” I always felt like music was another way for me to express myself,”
An eclectic soul with a creative mind; Jevon is the embodiment of the word artist. Hailing from West London by way of Coventry, Jevon’s rise to fame is a story that not too unfamiliar. Born and raised in Mozart, West London, the 25-year-old found his calling in music after being relocated to Coventry to live with his grandparents. A self-professed “bad-kid,” Jevon is a cerebral artist who draws from his personal experiences and channels his trials and tribulations as a youth, to create music that is personal, ultra-relatable and transcends across the usual barriers of boroughs, postcodes and genres. Introduced to the world via his work on Nines’ 2017 album One Foot Out, Jevon would play an integral part in defining a new sound of RnB that would across the U.K before stepping out onto front of house with his own breakout single, Man Of The Hour. Now a little older, a lot wiser and with a brand like Havana Club onboard, Jevon is ready to debut his album that has been four years in the making.
With a heritage born out of Cuban street culture, and a growing following in the UK, Havana Club have launched a program to give a little something back to the scene. By continually collaborating with up- and- coming talent from a variety of disciplines, the rum brand are providing a platform for rising stars to develop their craft. The recent partnership with Jevon is a continuation from their projects with Rapper Skinny Malone & Designer Mia Joseph.
We caught up with Jevon to talk about everything from his distinctive mashup of Grime, Hip-Hop, RnB and Reggae, to why his debut album may be his ONLY album.
So you grew up in Coventry, that’s a bit of a way from London. How do you think that experience plays a part in your art now?
I think it just gave me a different outlook, especially being away from London. I was hearing music away from London, I was taking in music from people that were making music up in Birmingham and Coventry. I was hearing different styles, you know so I was open to trying new things and implementing that in my music because it was a different bounce, you get what I’m saying.
Do you think how the album is received or how well it does, and it meets all those aspirations that you previously had – your career trajectory changes and you’re bound for the stars – do you think that’ll change your mind on still wanting to be an artist or does it now matter to you now?
Do you know what it is bro, I’ve set myself a realistic goal of what I want from this album. So who knows, because I’m not expecting anything from this album I just want people to just listen to it, take it in and that’s all I need, and just respect what I’ve done and appreciate the art.
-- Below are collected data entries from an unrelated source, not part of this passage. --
Lemma dH_insize n (x1 x2 x3 z w : Hpt n) :
  between (dH n) x1 z x2 -> between (dH n) x1 w x3 -> dH n x1 z = dH n x1 w ->
  2 * dH n x1 z <= dH n x1 x2 + dH n x1 x3 - dH n x2 x3 ->
  dH n z w <= ln 3.
Proof.
  intros Bz Bw Hzw Ht.
  pose proof (insize_cosh_formula n x1 x2 x3 z w (dH n x1 z) Bz Bw eq_refl (eq_sym Hzw))
    as Hformula.
  unfold between in Bz, Bw.
  pose proof ln3_pos. pose proof (dH_nonneg n x1 z).
  pose proof (dH_nonneg n z x2). pose proof (dH_nonneg n w x3). pose proof (dH_nonneg n x2 x3).
  destruct (Req_dec (dH n x1 z) 0) as [Ht0|Ht0].
  { pose proof (dH_triangle n z x1 w) as Htri. rewrite (dH_sym n z x1) in Htri. lra. }
  assert (Hsp : 0 < sinh (dH n x1 x2)) by (apply sinh_pos; lra).
  assert (Hsq : 0 < sinh (dH n x1 x3)) by (apply sinh_pos; lra).
  pose proof (insize_expression_bound (dH n x1 x2 - dH n x1 z) (dH n x1 x3 - dH n x1 z)
                (dH n x1 z) (dH n x2 x3) ltac:(lra) ltac:(lra) ltac:(lra) ltac:(lra)) as Hbound.
  replace (dH n x1 x2 - dH n x1 z + dH n x1 z) with (dH n x1 x2) in Hbound by ring.
  replace (dH n x1 x3 - dH n x1 z + dH n x1 z) with (dH n x1 x3) in Hbound by ring.
  assert (Hch : cosh (dH n z w) <= 5/3).
  { apply (Rmult_le_reg_l (sinh (dH n x1 x2) * sinh (dH n x1 x3))); nra. }
  apply cosh_le_inv; [apply dH_nonneg|lra|]. rewrite cosh_ln3. exact Hch.
Qed.

Lemma between_sym {U : Type} (d : U -> U -> R) :
  (forall a b, d a b = d b a) -> forall a y b, between d a y b -> between d b y a.
Proof. unfold between. intros Hsym a y b. rewrite (Hsym b y), (Hsym y a), (Hsym b a). lra. Qed.

Section Trees.
Variables (T : Type) (dT : T -> T -> R).
Hypothesis dT_metric : is_metric dT.
Hypothesis dT_zero_hyperbolic : zero_hyperbolic dT.

Lemma dT_nonneg a b : 0 <= dT a b.
Proof. apply dT_metric. Qed.

Lemma dT_refl a : dT a a = 0.
Proof. apply dT_metric. reflexivity. Qed.

Lemma dT_sym a b : dT a b = dT b a.
Proof. apply dT_metric. Qed.

Lemma dT_triangle a b c : dT a c <= dT a b + dT b c.
Proof. apply dT_metric. Qed.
But, I’ve already set my expectations, like your saying, I’ve already said I’m going on, I’m going to swim to this point and get my carrots and swim back to the beach, or just get my fish – I’m not trying to get more fish than I need and then end up drowning myself. That’s like a weird way of explaining that. I’ve set a realistic expectation and I’ve got some many other things I can focus on musically, just in terms of around me right now, there’s so much talent which I’m like yeah, I want to help you, you’ve got something, let’s put you in with this person here or this producer. I’ve done that a lot and I feel like a lot us don’t share knowledge bro and it’s annoying. People don’t share knowledge and it pisses me off because I’m thinking fam, the whole point of you learning is so you master what you learn and then pass it on and share your knowledge. I just like curating and putting people together man.
So is that the next path you’re going to take? Because the way I see the music scene now there’s a lot of eyes on emerging and upcoming talent, so as someone who’s had to deal with the pressure of realising their own potential, how did you deal with it, and what knowledge would you share with someone else on dealing with pressure to make it?
The first thing I say is there’s no pressure because ultimately I can work with an artist and say them, I can hear what their potential is and I can say right cool, “what do you want to do?” but you have to be realistic with them and say anything is possible but it’s going to take a lot, it’s going to take a hundred and ten thousand hours in the studio but it can happen and it’s just about guiding. I’m all about quality control. I’m all about making sure the art and the music are perfect, is right before you start thinking about other things and before you start thinking about videos and all the other stuff. Just think about the music first and then go into what’s next.
And looking a bit forward now, when it’s all said and done how do you want your contribution to music and to the scene to be remembered? Especially with you saying you’ll be taking a step back from being an artist.
I just want people to study it, and appreciate it being a classic. Like you see how we look at The Miseducation of Lauryn Hill and being always able to just listen back to it; I want it to be that kind of album where you can always go back to it and listen to it and be yes, this is my tune.
Yes, timeless. Play it at your wedding and play it at birthdays.